Every line of the entries below from the one containing "gTaylor y ys0_r." to the one containing "have LN : L * N <= delA.", both ends included, must be written out exactly. No other line belongs in the answer.
★ ★ ★ ★ ★
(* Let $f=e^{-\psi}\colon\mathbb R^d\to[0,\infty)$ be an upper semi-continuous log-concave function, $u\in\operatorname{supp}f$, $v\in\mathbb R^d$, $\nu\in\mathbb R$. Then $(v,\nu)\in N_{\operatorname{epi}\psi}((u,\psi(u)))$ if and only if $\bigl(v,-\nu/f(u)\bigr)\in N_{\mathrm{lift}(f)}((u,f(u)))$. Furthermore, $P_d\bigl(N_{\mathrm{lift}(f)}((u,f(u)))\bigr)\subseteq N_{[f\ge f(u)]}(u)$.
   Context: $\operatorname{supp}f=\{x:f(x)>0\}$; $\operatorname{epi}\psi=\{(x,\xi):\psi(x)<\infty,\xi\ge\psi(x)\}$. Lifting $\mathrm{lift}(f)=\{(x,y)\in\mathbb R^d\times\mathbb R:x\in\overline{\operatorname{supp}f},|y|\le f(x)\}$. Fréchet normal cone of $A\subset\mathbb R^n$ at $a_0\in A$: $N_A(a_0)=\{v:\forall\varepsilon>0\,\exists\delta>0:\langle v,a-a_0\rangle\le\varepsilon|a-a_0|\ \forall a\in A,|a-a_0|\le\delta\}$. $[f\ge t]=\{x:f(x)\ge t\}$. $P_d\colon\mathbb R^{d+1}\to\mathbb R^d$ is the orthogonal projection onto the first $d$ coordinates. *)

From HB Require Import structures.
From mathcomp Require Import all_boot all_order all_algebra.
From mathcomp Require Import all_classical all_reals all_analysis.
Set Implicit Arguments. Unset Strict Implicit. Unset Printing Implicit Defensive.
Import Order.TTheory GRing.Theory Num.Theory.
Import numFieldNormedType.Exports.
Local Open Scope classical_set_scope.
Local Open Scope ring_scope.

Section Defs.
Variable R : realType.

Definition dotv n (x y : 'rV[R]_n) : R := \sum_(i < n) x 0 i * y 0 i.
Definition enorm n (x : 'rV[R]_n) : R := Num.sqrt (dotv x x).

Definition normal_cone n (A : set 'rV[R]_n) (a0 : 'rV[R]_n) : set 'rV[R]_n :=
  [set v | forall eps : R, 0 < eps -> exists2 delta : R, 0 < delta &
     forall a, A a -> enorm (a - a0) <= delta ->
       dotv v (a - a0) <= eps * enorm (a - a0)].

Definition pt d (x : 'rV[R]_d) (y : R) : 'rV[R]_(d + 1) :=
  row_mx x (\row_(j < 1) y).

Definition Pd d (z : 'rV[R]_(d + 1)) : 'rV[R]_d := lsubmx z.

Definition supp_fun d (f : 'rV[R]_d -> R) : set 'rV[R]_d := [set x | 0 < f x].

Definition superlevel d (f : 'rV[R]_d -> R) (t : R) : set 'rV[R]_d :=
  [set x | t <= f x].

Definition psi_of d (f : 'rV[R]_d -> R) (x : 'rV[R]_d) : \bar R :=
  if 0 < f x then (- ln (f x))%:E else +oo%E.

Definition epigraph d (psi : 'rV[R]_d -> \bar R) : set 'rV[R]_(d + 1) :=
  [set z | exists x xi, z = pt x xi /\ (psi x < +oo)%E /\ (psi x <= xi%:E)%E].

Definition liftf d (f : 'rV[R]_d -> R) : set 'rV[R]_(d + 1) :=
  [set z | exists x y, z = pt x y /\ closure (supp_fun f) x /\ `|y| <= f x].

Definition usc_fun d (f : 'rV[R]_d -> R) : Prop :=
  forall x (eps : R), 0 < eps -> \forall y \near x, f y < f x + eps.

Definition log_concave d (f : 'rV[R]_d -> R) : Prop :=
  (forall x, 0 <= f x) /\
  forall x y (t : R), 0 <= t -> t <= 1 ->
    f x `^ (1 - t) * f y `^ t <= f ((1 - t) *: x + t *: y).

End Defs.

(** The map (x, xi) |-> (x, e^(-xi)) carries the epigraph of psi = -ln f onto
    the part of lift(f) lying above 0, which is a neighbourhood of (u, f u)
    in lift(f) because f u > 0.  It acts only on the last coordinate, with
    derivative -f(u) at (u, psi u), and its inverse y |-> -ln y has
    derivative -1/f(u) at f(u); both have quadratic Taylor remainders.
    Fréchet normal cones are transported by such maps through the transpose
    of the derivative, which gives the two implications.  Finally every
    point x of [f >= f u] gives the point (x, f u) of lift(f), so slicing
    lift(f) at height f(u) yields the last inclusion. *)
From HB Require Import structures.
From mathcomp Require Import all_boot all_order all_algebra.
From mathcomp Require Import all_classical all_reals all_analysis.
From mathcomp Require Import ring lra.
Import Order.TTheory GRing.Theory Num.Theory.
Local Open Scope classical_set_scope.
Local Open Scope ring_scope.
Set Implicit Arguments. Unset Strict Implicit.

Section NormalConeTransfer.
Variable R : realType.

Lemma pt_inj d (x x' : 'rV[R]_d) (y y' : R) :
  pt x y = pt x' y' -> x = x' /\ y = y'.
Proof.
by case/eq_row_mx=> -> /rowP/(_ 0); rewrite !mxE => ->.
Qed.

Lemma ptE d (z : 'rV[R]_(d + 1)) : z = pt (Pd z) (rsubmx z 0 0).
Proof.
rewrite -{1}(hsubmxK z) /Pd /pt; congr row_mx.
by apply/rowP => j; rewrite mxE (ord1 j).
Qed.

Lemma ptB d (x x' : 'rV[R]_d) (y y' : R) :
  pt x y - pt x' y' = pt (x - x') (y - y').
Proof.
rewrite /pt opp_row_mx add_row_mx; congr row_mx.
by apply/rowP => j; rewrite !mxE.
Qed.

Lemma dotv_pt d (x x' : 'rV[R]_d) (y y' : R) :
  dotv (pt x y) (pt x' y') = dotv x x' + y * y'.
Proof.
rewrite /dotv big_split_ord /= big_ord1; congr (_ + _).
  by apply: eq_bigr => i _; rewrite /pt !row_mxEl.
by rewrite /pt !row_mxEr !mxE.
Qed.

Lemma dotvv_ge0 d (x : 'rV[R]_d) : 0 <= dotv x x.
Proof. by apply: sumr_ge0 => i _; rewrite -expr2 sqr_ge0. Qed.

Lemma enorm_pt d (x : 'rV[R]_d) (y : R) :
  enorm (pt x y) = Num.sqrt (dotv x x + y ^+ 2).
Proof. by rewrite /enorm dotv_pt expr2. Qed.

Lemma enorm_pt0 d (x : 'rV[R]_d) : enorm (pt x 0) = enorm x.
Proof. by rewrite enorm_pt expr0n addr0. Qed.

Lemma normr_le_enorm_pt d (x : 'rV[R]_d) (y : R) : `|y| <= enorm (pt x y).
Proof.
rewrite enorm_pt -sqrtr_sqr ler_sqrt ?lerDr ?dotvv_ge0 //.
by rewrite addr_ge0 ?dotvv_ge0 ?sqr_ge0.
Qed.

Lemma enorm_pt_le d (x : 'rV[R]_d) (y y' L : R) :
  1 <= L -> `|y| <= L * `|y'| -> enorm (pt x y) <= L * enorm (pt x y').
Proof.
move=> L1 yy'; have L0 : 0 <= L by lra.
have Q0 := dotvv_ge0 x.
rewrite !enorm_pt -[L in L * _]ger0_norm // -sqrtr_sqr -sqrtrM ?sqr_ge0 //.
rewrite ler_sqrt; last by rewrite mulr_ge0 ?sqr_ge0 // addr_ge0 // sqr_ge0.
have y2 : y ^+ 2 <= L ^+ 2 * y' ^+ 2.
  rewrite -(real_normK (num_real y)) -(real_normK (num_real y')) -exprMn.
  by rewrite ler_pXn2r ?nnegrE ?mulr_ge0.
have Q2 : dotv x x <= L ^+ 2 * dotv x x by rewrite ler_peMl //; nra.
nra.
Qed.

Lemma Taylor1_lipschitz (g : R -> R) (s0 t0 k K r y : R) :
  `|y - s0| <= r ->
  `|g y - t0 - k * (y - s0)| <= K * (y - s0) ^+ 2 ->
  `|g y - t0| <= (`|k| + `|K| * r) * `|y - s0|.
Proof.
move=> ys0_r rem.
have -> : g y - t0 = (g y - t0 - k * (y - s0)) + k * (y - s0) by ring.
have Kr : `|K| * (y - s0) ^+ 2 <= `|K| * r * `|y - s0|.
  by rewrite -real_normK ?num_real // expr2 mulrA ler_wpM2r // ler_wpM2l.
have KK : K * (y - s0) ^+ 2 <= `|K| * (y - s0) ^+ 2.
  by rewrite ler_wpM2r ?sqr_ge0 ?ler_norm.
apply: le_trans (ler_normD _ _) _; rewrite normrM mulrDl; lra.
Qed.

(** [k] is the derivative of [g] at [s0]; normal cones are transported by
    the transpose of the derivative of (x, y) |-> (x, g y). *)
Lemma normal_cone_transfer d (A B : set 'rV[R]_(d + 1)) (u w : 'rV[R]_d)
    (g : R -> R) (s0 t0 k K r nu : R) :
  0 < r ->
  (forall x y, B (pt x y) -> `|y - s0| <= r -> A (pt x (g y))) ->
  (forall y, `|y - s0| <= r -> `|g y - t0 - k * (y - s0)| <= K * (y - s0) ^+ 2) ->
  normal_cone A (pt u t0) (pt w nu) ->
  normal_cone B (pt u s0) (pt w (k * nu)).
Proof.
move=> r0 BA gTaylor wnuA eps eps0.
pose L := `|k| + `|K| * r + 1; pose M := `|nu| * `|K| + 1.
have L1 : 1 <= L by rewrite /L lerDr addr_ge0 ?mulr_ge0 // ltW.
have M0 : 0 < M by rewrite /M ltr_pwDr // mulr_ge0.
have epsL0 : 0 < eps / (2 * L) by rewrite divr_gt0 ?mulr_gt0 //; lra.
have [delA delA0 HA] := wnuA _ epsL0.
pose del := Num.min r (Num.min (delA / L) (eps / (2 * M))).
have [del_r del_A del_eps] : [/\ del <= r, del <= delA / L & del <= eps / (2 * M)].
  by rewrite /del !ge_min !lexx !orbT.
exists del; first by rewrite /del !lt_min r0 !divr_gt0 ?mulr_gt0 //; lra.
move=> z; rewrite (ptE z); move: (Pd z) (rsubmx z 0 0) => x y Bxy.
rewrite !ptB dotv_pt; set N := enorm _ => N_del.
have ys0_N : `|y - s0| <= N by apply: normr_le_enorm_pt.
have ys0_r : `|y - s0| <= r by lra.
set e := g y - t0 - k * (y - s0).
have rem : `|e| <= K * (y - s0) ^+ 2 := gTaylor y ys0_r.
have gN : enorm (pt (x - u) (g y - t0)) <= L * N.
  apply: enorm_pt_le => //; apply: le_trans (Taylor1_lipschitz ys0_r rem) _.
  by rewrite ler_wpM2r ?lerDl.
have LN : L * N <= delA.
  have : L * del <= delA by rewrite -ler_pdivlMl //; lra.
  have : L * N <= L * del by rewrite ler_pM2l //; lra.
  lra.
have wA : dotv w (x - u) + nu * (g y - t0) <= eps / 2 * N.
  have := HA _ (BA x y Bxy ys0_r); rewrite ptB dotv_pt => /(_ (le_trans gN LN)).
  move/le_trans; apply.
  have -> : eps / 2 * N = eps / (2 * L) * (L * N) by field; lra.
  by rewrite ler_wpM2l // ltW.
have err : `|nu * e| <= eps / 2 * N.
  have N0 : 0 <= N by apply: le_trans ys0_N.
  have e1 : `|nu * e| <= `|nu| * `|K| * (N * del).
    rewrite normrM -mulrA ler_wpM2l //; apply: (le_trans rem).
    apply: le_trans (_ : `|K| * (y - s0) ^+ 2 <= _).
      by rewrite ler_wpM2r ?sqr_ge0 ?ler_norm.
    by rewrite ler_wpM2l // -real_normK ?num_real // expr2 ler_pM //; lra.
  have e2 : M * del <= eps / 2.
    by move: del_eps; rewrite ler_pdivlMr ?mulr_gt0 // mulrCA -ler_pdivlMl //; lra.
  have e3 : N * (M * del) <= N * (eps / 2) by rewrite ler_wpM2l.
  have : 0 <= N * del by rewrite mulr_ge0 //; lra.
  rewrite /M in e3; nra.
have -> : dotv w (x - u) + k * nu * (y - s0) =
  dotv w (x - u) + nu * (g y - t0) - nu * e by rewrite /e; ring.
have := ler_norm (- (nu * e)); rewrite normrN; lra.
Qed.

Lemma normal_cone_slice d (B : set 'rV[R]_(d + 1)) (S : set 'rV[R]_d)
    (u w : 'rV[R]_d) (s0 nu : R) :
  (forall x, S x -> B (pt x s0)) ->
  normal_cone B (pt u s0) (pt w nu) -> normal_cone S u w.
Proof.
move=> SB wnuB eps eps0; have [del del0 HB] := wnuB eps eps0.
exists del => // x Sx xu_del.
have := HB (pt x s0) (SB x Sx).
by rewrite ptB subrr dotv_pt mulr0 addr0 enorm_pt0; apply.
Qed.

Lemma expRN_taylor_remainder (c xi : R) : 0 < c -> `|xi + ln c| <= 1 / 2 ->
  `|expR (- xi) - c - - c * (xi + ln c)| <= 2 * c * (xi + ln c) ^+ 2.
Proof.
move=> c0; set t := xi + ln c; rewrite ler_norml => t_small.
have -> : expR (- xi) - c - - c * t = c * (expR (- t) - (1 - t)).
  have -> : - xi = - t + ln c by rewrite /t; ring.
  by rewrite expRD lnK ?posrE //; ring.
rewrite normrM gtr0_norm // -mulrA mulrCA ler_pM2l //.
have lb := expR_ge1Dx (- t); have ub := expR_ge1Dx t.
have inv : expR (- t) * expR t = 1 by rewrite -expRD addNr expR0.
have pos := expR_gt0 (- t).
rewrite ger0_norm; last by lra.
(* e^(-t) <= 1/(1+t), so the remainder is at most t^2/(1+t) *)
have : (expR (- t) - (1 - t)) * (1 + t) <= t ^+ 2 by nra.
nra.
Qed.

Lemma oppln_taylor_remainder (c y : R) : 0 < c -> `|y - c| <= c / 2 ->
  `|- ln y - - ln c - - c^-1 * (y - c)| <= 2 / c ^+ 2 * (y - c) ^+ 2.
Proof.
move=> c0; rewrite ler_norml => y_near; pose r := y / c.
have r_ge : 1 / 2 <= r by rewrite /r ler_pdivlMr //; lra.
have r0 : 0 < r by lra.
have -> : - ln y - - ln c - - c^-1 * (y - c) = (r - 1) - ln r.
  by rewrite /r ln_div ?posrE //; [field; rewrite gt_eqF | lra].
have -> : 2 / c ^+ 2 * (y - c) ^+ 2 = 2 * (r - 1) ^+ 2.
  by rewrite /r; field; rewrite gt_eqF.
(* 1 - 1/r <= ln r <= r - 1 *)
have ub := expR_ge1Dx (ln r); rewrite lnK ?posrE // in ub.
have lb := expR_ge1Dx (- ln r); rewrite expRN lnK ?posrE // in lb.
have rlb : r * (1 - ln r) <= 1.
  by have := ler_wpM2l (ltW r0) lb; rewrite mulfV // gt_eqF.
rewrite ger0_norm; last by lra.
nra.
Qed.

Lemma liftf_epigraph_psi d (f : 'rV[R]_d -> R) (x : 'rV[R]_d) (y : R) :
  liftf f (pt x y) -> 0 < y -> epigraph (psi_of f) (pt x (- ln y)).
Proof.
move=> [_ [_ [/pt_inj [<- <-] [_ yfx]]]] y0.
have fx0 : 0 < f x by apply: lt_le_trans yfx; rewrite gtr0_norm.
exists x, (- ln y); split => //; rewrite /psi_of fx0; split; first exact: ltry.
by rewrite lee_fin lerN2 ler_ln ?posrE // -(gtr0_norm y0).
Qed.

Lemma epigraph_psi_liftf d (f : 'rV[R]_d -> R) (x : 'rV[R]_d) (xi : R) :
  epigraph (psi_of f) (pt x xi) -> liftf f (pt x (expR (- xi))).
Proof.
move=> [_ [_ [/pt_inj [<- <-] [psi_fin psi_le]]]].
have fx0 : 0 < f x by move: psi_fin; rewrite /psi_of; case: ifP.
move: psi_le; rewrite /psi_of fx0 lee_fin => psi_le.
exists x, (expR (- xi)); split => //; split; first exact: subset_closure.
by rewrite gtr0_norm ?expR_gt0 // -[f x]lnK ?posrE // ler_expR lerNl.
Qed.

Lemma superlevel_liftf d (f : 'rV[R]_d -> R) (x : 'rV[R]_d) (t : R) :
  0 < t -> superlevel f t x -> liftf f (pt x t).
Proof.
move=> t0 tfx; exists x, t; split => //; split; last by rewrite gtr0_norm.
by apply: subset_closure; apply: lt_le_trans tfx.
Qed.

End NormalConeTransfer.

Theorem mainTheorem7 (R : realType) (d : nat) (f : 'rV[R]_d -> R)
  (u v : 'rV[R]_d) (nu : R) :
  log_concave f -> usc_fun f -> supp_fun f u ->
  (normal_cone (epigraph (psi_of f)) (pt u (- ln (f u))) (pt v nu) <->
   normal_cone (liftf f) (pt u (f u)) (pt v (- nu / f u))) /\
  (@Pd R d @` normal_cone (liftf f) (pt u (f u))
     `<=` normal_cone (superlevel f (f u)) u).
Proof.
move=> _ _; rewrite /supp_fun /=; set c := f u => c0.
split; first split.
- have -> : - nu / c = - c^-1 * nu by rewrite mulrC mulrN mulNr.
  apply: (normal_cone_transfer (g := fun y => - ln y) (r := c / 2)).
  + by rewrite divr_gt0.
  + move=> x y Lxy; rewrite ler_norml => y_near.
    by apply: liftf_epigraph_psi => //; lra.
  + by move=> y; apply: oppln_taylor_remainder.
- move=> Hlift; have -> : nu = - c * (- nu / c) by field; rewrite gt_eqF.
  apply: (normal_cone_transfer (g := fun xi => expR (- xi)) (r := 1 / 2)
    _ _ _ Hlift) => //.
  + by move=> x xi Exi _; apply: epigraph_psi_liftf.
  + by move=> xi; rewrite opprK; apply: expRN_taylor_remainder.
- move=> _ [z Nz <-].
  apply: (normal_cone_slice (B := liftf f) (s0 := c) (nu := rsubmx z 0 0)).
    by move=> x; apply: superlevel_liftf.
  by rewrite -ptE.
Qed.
★ ★ ★ ★ ★
*YOUR RESPONSE*:
have rem : `|e| <= K * (y - s0) ^+ 2 := gTaylor y ys0_r.
have gN : enorm (pt (x - u) (g y - t0)) <= L * N.
  apply: enorm_pt_le => //; apply: le_trans (Taylor1_lipschitz ys0_r rem) _.
  by rewrite ler_wpM2r ?lerDl.
have LN : L * N <= delA.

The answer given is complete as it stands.